Wingssail Home Wingssail Images LogBookPages Map of our travels Index Email Fred & Judy

Saturday, May 31, 2014

May 31, 2014-No Hay Problema!


wingssail images-fredrick roswold
Puerto Azul

Well, we've exhausted everyone's ideas about what could be wrong with Wing's motor and we've found nothing.

We don't know what caused it to apparently and mysteriously consume eight quarts of oil.

Further, the problem is no longer evident; we're not losing any oil now, and we've put about five hours of operation on it without any loss.

So we are left with three choices:
1. We had a serious problem which we still have since nothing was fixed, but it's in remission.
2. We had a serious problem which fixed itself.
3. We never had a problem, we just thought we did.

Frankly I am leaning toward door number three, which is the same view as my mechanic here in Puntarenas, William Martinez, who seems to be very competent and thorough, and is highly recommended by several sources. William doesn't know what to think, he can't find anything wrong and can't say anything but good stuff about what he sees in our motor, although he's puzzled by the oil loss I reported. He also brought two other mechanics by to consult on the problem, and has taken the oil-cooler and fuel pump to test labs for examination. They came back certified sound.

Possibly he doubts my report about the oil loss in the first place but it's hard to argue with the empty oil containers which we kept and anyhow, he's too polite to say so.

So now what?

Well, Puerto Azul, the marina, is pretty nice, and the daily rate for ten days, which, as a condition for entry, we prepaid, covers 30 days at the monthly rate. So, effectively, we have paid in advance for a month if we want to take it.

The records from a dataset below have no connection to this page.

(* Let $X$ be a Banach space. (a) If $X$ is $(1,k)$-$\mathrm{SQ}_1$ for some $k\in(0,1]$ (in particular, if $X$ is $(1,<1)$-$\mathrm{SQ}_{<\aleph_0}$), then the closed unit ball $B_X$ has no extreme points. (b) If $X$ is $(k,1)$-$\mathrm{SQ}_1$ for some $k\in(0,1]$ (in particular, if $X$ is $(<1,1)$-$\mathrm{SQ}_{<\aleph_0}$), then $X$ is not strictly convex.
   Context: For $r,s\in(0,1]$: $X$ is $(r,s)$-$\mathrm{SQ}_{1}$ if for every set $A\subset S_X$ with $|A|\le 1$ there exists $y\in S_X$ with $\|rx\pm sy\|\le 1$ for all $x\in A$; $X$ is $(r,s)$-$\mathrm{SQ}_{<\aleph_0}$ if the same holds for every finite $A\subset S_X$. $X$ is $(1,<1)$-$\mathrm{SQ}_{<\aleph_0}$ if it is $(1,t)$-$\mathrm{SQ}_{<\aleph_0}$ for every $t\in(0,1)$, and $(<1,1)$-$\mathrm{SQ}_{<\aleph_0}$ if it is $(t,1)$-$\mathrm{SQ}_{<\aleph_0}$ for every $t\in(0,1)$. *)

From HB Require Import structures.
From mathcomp Require Import all_boot all_order all_algebra.
From mathcomp Require Import all_classical all_reals all_analysis.
Set Implicit Arguments. Unset Strict Implicit. Unset Printing Implicit Defensive.
Import Order.TTheory GRing.Theory Num.Theory.
Import numFieldNormedType.Exports.
Local Open Scope classical_set_scope.
Local Open Scope ring_scope.

Section Defs.
Context {R : realType} {X : normedModType R}.

Definition unit_sphere : set X := [set x | `|x| = 1].
Definition closed_unit_ball : set X := [set x | `|x| <= 1].

Definition SQ_for (adm : set X -> Prop) (r s : R) : Prop :=
  forall A : set X, A `<=` unit_sphere -> adm A ->
    exists2 y, unit_sphere y &
      forall x, A x -> `|r *: x + s *: y| <= 1 /\ `|r *: x - s *: y| <= 1.

Definition at_most_one (A : set X) : Prop := forall a b, A a -> A b -> a = b.

Definition SQ_1 (r s : R) : Prop := SQ_for at_most_one r s.
Definition SQ_finite (r s : R) : Prop := SQ_for (@finite_set X) r s.

Definition SQ_finite_1_lt1 : Prop := forall t, 0 < t < 1 -> SQ_finite 1 t.
Definition SQ_finite_lt1_1 : Prop := forall t, 0 < t < 1 -> SQ_finite t 1.

Definition extreme_point (C : set X) (x : X) : Prop :=
  C x /\ forall (y z : X) (t : R), C y -> C z -> 0 < t < 1 ->
    x = t *: y + (1 - t) *: z -> y = z.

Definition strictly_convex : Prop :=
  forall x y : X, `|x| = 1 -> `|y| = 1 -> x <> y -> `|2^-1 *: (x + y)| < 1.

End Defs.

(* An SQ_1 witness y for a unit vector u gives the segment [r u - s y, r u + s y] inside the unit
   ball.  For r = 1 this segment is centred at u, so u is not an extreme point of the ball (points
   of the open ball never are).  For s = 1 the vectors y + r u and y - r u are distinct, lie in the
   ball and sum to 2 y, a vector of norm 2; strict convexity forbids this. *)
From mathcomp Require Import all_boot all_order all_algebra.
From mathcomp Require Import all_classical all_reals all_analysis.
From mathcomp Require Import lra.
Import Order.TTheory GRing.Theory Num.Theory.
Import numFieldNormedType.Exports.
Local Open Scope classical_set_scope.
Local Open Scope ring_scope.

Section SQ.
Set Implicit Arguments. Unset Strict Implicit.
Context {R : realType} {X : normedModType R}.
Implicit Types (x y u v : X) (A : set X) (r s k : R).

Lemma at_most_one_finite A : at_most_one A -> finite_set A.
Proof.
move=> A1; have [->|/set0P[a Aa]] := eqVneq A set0; first exact: finite_set0.
suff -> : A = [set a] by exact: finite_set1.
by apply/seteqP; split=> [b Ab|b ->] //; exact: A1.
Qed.

Lemma SQ_finite_SQ_1 r s : SQ_finite (X := X) r s -> SQ_1 (X := X) r s.
Proof. by move=> H A AS A1; apply: H => //; exact: at_most_one_finite. Qed.

Lemma SQ_1_sphere_nonempty r s : SQ_1 (X := X) r s -> exists y, unit_sphere y.
Proof. by move=> H; have [|//|y y1 _] := H set0; [exact: sub0set | exists y]. Qed.

Lemma SQ_1P r s u : SQ_1 (X := X) r s -> `|u| = 1 ->
  exists2 y, `|y| = 1 & `|r *: u + s *: y| <= 1 /\ `|r *: u - s *: y| <= 1.
Proof.
move=> H u1; have [|a b -> ->|y y1 Hy] // := H [set u]; first by move=> _ ->.
by exists y => //; exact: Hy.
Qed.

Lemma scaler_eq0_norm1 k u : `|u| = 1 -> (k *: u == 0) = (k == 0).
Proof. by move=> u1; rewrite scaler_eq0 -(normr_eq0 u) u1 oner_eq0 orbF. Qed.

Lemma addrr_eq0 v : (v + v == 0) = (v == 0).
Proof. by rewrite -mulr2n -(scaler_nat 2 v) scaler_eq0 pnatr_eq0. Qed.

Lemma extreme_point_sym_eq0 (C : set X) x v :
  extreme_point C x -> C (x + v) -> C (x - v) -> v = 0.
Proof.
move=> [_ xE] Cp Cm.
have half : 0 < (2^-1 : R) < 1 by lra.
have mid : x = 2^-1 *: (x + v) + (1 - 2^-1) *: (x - v).
  have -> : 1 - 2^-1 = 2^-1 :> R by lra.
  rewrite -scalerDr addrACA subrr addr0 -mulr2n -(scaler_nat 2 x).
  by rewrite scalerA mulVf ?pnatr_eq0 // scale1r.
have /addrI/eqP := xE _ _ _ Cp Cm half mid.
by rewrite -subr_eq0 opprK addrr_eq0 => /eqP.
Qed.

Lemma open_ball_not_extreme y x :
  `|y| = 1 -> `|x| < 1 -> ~ extreme_point closed_unit_ball x.
Proof.
move=> y1 x1 xE; set v := (1 - `|x|) *: y.
have nv : `|v| = 1 - `|x| by rewrite normrZ y1 mulr1 ger0_norm // subr_ge0 ltW.
have Cp : closed_unit_ball (x + v).
  by apply: le_trans (ler_normD _ _) _; rewrite nv addrC subrK.
have Cm : closed_unit_ball (x - v).
  by apply: le_trans (ler_normB _ _) _; rewrite nv addrC subrK.
have /eqP := extreme_point_sym_eq0 xE Cp Cm.
by rewrite scaler_eq0_norm1 // subr_eq0 eq_sym (lt_eqF x1).
Qed.

Lemma SQ_1_no_extreme_point k x :
  0 < k -> SQ_1 (X := X) 1 k -> ~ extreme_point closed_unit_ball x.
Proof.
move=> k0 H xE; have [y0 y01] := SQ_1_sphere_nonempty H.
have [x1|x1] := eqVneq `|x| 1; last first.
  by apply: (open_ball_not_extreme y01 _ xE); rewrite lt_neqAle x1; case: xE.
have [y y1 []] := SQ_1P H x1; rewrite scale1r => Cp Cm.
have /eqP := extreme_point_sym_eq0 xE Cp Cm.
by rewrite scaler_eq0_norm1 // gt_eqF.
Qed.

Lemma norm_eq1_of_sum_ge2 x y : `|x| <= 1 -> `|y| <= 1 -> 2 <= `|x + y| -> `|x| = 1.
Proof. by move=> x1 y1 xy2; have := ler_normD x y; lra. Qed.

Lemma strictly_convex_sum_ge2 x y : strictly_convex (X := X) ->
  `|x| <= 1 -> `|y| <= 1 -> 2 <= `|x + y| -> x = y.
Proof.
move=> sc x1 y1 xy2; apply: contrapT => nxy.
have nx := norm_eq1_of_sum_ge2 x1 y1 xy2.
have ny : `|y| = 1 by apply: norm_eq1_of_sum_ge2 y1 x1 _; rewrite addrC.
have := sc _ _ nx ny nxy; rewrite normrZ gtr0_norm ?invr_gt0 //; lra.
Qed.

Lemma SQ_1_not_strictly_convex k :
  0 < k -> SQ_1 (X := X) k 1 -> ~ strictly_convex (X := X).
Proof.
move=> k0 H sc; have [u u1] := SQ_1_sphere_nonempty H.
have [y y1 []] := SQ_1P H u1; rewrite !scale1r addrC distrC => Cp Cm.
have sum2 : 2 <= `|(y + k *: u) + (y - k *: u)|.
  have -> : (y + k *: u) + (y - k *: u) = y *+ 2 by rewrite addrACA addrN addr0.
  by rewrite normrMn y1.
have /addrI/eqP := strictly_convex_sum_ge2 sc Cp Cm sum2.
by rewrite -subr_eq0 opprK addrr_eq0 scaler_eq0_norm1 // gt_eqF.
Qed.

End SQ.

Theorem lemma6p5 (R : realType) (X : completeNormedModType R) :
  (* (a) *)
  ((exists k : R, 0 < k <= 1 /\ @SQ_1 R X 1 k) ->
     forall x : X, ~ extreme_point closed_unit_ball x) /\
  (@SQ_finite_1_lt1 R X -> forall x : X, ~ extreme_point closed_unit_ball x) /\
  (* (b) *)
  ((exists k : R, 0 < k <= 1 /\ @SQ_1 R X k 1) -> ~ @strictly_convex R X) /\
  (@SQ_finite_lt1_1 R X -> ~ @strictly_convex R X).
Proof.
have half : 0 < (2^-1 : R) by lra.
split; [|split; [|split]].
- by move=> [k [/andP[k0 _] H]] x; exact: SQ_1_no_extreme_point k0 H.
- by move=> H x; apply: SQ_1_no_extreme_point half _; apply/SQ_finite_SQ_1/H; lra.
- by move=> [k [/andP[k0 _] H]]; exact: SQ_1_not_strictly_convex k0 H.
- by move=> H; apply: SQ_1_not_strictly_convex half _; apply/SQ_finite_SQ_1/H; lra.
Qed.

We might. There is some touring we can do in Costa Rica, and life is pretty relaxed on the river in Puntarenas, so staying would be easy.

We'll let you know.

Oh, by the way, we replaced the water pump impeller, which we knew was going out although it still pumped heaps of water, and the engine never ran hot in the slightest, and upon taking it out, were surprised at how shot it was. Check out the last photo here.

Fred & Judy, SV Wings, Puntarenas

Labels: , ,

Sunday, May 25, 2014

May 25, 2014-Sailing to Puntarenas

Clouds over Puntarenas

The motor’s broken and we need a mechanic. Puntarenas should have one, probably several; we need to go there and try to get our broken motor fixed.

The distance from Ballena Bay to Puntarenas is 25 miles but there is a good anchorage about 18 miles away and we think we can break the trip into two days. On Friday we will leave.

Friday:

At sunup we are watching the bay for any sign of wind. At 10:00 there are a few ripples on the water, then a light breeze. It’s only four knots of wind but we can sail this. We immediately weigh anchor.

The breeze is an easterly, so it’s upwind, and we set the main and genoa and haul sheets out of the bay. We expect to have to tack to get around the heads but a lift is showing and we clear into the open water on one tack.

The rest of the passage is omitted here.